I ran out of time/energy but I still need to fabricate a battery tie down. I bought an adjustable top strap and some threaded rod but I haven't put it together yet. It didn't come with anything except the front J hook and it's too short to use for my strap anyway. I also need to pull the front wheel off and replace one of the wheel studs. I picked one up but didn't have time to get started on it. Hopefully this week I can get the tiedown finished and get that stud replaced (I think the 10 hour shifts are done at work so I should have some time) and I want to run it up to the local drag strip. The clutch is completely shot (gas it hard and the engine revs like you downshifted but you haven't touched the clutch) but I'd like to at least get some baseline numbers. I just ordered a complete 180sx front cut last wednesday so hopefully it will be here this week sometime so I'm not worried too much about the stock KA (there's a thread in the SR20 forum called "ordered my SR20" if you want to read it). Anyway, I don't know if anybody even cares but I though I'd post it up and put up some pictures. Here's a link to all of them, I'll probably add more soon when I take them.

http://divizion.com/240/


----------



## Prelude Guy (Jul 19, 2004)

Hey Andy,

The car looks good. Did you shampoo the carpet too?? I want to take my seats out and do that.

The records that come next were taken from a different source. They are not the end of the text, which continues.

Lemma cvg_lambda_tilde_powR :
  (lambda_tilde M j n / powR n%:R (j%:R + 3 / 2)) @[n --> \oo] -->
  4 ^+ j.+1 * M / (pi * (j%:R + 2^-1) * (j%:R + 3 / 2)).
Proof.
have -> : 4 ^+ j.+1 * M / (pi * (j%:R + 2^-1) * (j%:R + 3 / 2)) =
    (j.+1%:R + 2^-1)^-1 * (4 * M * Kpart_limit) * Num.sqrt pi^-1.
  rewrite sqrtrV ?pi_ge0 // /Kpart_limit -[j.+1%:R]natr1.
  rewrite -[pi in LHS](sqr_sqrtr (pi_ge0 R)) exprS.
  by field; rewrite !gt_eqF ?sqrtpi_gt0 ?ltr_wpDl ?addr_ge0.
apply: cvg_trans (cvgM cvg_lambda_tilde_weight cvg_weight_powR).
apply: near_eq_cvg; near=> n; rewrite /= mulrA divfK // gt_eqF //.
by apply: wallis_weight_gt0; near: n; exact: nbhs_infty_gt.
Unshelve. all: end_near.
Qed.

End LambdaTildeAsymptotics.

Theorem mainTheorem7 (R : realType) (j : nat) (M : R) (hM : 0 < M) :
  (forall r : nat, j = (2 * r)%N ->
     ((fun n : nat => lambda_tilde M j n / powR (n%:R : R) ((2 * r)%:R + 3 / 2)) : R^nat)
       @ \oo --> (M * 2%:R ^+ (4 * r + 1)
                  / (pi * (r%:R + 3 / 4) * ((2 * r)%:R + 1 / 2)) : R)) /\
  (forall r : nat, j = (2 * r + 1)%N ->
     ((fun n : nat => lambda_tilde M j n / powR (n%:R : R) ((2 * r)%:R + 5 / 2)) : R^nat)
       @ \oo --> (M * 2%:R ^+ (4 * r + 3)
                  / (pi * (r%:R + 5 / 4) * ((2 * r)%:R + 3 / 2)) : R)).
Proof.
(* The asymptotics hold for every real [M]. *)
have four : 4 = 2 ^+ 2 :> R by rewrite -natrX.
have p0 : pi != 0 :> R by rewrite gt_eqF ?pi_gt0.
split=> r ->.
- suff -> : M * 2%:R ^+ (4 * r + 1) / (pi * (r%:R + 3 / 4) * ((2 * r)%:R + 1 / 2)) =
    4 ^+ (2 * r).+1 * M / (pi * ((2 * r)%:R + 2^-1) * ((2 * r)%:R + 3 / 2)).
    exact: cvg_lambda_tilde_powR.
  have -> : 4 ^+ (2 * r).+1 = 2 ^+ (4 * r + 1).+1 :> R.
    by rewrite four -exprM; congr (_ ^+ _); lia.
  (* [field] would unfold the definition of [pi], so abstract it first. *)
  move: (pi : R) p0 => p p0.
  by rewrite exprS natrM; field; rewrite p0 !gt_eqF // ltr_wpDl ?mulr_ge0.
- suff -> : M * 2%:R ^+ (4 * r + 3) / (pi * (r%:R + 5 / 4) * ((2 * r)%:R + 3 / 2)) =
    4 ^+ (2 * r + 1).+1 * M / (pi * ((2 * r + 1)%:R + 2^-1) * ((2 * r + 1)%:R + 3 / 2)).
    have -> : (2 * r)%:R + 5 / 2 = (2 * r + 1)%:R + 3 / 2 :> R by rewrite natrD; field.
    exact: cvg_lambda_tilde_powR.
  have -> : 4 ^+ (2 * r + 1).+1 = 2 ^+ (4 * r + 3).+1 :> R.
    by rewrite four -exprM; congr (_ ^+ _); lia.
  move: (pi : R) p0 => p p0.
  by rewrite exprS natrD natrM; field; rewrite p0 !gt_eqF // ltr_wpDl ?mulr_ge0.
Qed.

Congrats on the front clip purchase. Looks like you are on a mission with that car. Good job. :thumbup: 

I was working on my 240 today too. I changed the oil and tried to figure out why my car is hesitating. Still can't figure it out.  I thought it was the injector....but I think I am wrong again.  I am going to see if the O2 sensor is bad. 

Can't wait to see updated pics when you install the motor. :thumbup:


----------



## HybridAndy (Jul 26, 2004)

Woo, I got a reply! No, just vacuumed the crap out of it (crappy digital camera and a few feet to wonders to hide little details). Carpets actually in pretty good shape considering the age and miles. Lots of sand though, I guess they have beaches in NY. Seats are easy, 4 bolts and 1 electrical clip under the drivers side and your done. 

Thanks for the congrats. Hopefully it's here before wednesday (I'm having it shipped to the machine I work at to store it in the warehouse) but I'm working part time right now so I'm only going to be there till Wednesday around lunch. I'm going to call tomorrow and see if I can get a tracking number. Hopefully have it running under SR power pretty soon. 

I should change the KA's oil (it took a quart when I got home to even show up on the dipstick, and looks dark then anyway) but I don't think I'm going to bother. What's your car doing exactly? Have a link to a thread? 

I'll have plenty of pics (and lots of page and half long posts) before that motors in so if you feel like looking, you see lots of it. Seeya.


----------



## 180SX-X (Sep 21, 2003)

Nice car...i've had a few 240's in the past(including an SR powered one, but i bought it like that). i now have another one that is going to have a CA put in it in the upcoming year(yea, im poor now because my damn RX-7 is a money pit)...good luck with the SR swap.



Prelude Guy said:


> I was working on my 240 today too. I changed the oil and tried to figure out why my car is hesitating. Still can't figure it out.  I thought it was the injector....but I think I am wrong again.  I am going to see if the O2 sensor is bad.


check your MAf connections and fuel filter/pump...


----------



## Prelude Guy (Jul 19, 2004)

180SX-X said:


> check your MAf connections and fuel filter/pump...


I already did that. Both are fine. I am going to change the O2 sensor now.


----------



## HybridAndy (Jul 26, 2004)

Thanks for the comments. I just stopped and got the rear tire patched today (again, he says new hole and charged me again but I think they just didnt put a big enough patch on it, oh well, $8 ain't bad). Hopefully the clip will be here soon, I'm excited. 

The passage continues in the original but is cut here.